> [Problem description] Wherever the word "fadd" appears in a line of the records, copy that line.

==*==

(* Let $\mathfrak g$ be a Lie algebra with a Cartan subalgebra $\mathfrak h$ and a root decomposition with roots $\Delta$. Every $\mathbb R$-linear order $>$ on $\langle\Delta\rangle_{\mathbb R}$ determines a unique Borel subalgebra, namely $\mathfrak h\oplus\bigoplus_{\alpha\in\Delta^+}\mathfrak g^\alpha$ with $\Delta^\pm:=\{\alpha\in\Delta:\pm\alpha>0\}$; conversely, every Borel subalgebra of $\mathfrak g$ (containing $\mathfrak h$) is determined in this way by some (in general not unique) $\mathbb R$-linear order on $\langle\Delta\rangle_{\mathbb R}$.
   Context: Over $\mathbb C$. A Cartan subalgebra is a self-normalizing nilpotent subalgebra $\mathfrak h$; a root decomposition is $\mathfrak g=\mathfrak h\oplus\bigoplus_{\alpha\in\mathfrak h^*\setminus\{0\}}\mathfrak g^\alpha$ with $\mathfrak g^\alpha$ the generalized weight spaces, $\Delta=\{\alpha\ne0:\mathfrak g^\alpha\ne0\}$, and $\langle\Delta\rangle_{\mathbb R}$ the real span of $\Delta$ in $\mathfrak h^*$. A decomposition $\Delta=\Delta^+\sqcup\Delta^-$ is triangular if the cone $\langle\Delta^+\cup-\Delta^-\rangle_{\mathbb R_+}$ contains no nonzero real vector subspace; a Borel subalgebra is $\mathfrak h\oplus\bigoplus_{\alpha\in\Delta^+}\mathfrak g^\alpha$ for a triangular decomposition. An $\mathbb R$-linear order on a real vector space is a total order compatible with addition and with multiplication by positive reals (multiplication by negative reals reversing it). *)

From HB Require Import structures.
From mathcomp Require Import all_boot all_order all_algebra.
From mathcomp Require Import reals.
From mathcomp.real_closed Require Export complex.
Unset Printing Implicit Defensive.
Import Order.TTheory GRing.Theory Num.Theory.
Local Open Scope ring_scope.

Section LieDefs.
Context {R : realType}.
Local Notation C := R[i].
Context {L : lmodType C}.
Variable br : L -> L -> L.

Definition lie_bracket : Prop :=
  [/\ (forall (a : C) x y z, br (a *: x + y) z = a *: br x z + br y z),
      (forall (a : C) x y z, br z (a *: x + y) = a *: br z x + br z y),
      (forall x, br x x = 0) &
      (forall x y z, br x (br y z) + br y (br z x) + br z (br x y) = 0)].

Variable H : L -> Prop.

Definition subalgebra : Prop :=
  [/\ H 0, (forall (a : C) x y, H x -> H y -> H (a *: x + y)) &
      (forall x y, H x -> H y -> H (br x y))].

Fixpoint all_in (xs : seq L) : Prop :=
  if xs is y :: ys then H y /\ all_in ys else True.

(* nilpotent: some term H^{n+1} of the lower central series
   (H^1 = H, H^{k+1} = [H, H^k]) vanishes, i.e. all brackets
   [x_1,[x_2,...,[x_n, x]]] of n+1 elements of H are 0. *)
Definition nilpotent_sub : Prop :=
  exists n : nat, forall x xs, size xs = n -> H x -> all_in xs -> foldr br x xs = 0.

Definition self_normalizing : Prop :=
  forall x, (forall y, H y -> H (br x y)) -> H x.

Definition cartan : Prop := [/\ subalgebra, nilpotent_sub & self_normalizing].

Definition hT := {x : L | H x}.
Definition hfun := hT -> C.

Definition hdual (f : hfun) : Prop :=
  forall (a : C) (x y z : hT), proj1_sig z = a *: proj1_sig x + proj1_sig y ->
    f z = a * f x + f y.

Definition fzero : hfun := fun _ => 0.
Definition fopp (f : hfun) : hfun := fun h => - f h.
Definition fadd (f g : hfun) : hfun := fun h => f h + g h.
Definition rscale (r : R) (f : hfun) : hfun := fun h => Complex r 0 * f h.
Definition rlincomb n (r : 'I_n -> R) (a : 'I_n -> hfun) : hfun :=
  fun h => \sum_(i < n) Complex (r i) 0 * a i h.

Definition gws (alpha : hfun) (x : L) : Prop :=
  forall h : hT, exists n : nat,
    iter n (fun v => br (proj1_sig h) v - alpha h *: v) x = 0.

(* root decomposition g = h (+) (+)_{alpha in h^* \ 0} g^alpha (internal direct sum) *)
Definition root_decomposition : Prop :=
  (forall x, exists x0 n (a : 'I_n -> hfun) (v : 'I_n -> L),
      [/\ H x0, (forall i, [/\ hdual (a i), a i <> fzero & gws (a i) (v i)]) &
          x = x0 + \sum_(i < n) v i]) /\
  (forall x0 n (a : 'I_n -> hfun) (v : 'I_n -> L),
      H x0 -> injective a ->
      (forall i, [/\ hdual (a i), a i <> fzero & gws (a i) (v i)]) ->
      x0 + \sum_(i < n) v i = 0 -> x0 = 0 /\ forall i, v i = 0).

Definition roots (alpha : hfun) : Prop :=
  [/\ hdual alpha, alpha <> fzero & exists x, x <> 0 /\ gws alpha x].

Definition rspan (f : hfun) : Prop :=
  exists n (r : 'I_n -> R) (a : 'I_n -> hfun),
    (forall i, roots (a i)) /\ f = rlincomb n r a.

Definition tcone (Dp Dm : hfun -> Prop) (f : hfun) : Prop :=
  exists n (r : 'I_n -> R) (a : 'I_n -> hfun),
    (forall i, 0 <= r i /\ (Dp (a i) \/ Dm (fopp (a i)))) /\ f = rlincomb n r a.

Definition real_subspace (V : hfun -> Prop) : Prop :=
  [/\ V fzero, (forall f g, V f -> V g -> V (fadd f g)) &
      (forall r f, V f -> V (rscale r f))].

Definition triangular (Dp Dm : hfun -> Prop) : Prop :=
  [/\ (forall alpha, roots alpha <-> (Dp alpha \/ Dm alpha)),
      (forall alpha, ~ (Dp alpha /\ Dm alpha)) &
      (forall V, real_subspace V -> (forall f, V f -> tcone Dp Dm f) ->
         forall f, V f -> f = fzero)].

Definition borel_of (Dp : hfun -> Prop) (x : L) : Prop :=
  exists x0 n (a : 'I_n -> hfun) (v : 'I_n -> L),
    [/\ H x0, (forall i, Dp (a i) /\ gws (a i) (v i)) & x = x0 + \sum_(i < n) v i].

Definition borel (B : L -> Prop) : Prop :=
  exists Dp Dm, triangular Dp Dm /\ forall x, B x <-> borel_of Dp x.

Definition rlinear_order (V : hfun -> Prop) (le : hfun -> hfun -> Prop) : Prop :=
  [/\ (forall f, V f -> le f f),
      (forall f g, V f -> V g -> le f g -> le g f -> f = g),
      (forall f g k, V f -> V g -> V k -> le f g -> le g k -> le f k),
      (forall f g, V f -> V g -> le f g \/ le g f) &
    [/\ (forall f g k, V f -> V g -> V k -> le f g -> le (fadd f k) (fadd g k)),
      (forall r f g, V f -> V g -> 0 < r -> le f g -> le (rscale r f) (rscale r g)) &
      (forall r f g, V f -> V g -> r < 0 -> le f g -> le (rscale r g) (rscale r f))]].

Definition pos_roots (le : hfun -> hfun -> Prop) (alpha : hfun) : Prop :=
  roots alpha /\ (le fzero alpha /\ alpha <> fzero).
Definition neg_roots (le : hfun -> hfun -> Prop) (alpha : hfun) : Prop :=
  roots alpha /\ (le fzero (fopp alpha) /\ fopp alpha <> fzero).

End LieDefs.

==*==

> [Reply]
Definition fadd (f g : hfun) : hfun := fun h => f h + g h.
  [/\ V fzero, (forall f g, V f -> V g -> V (fadd f g)) &
    [/\ (forall f g k, V f -> V g -> V k -> le f g -> le (fadd f k) (fadd g k)),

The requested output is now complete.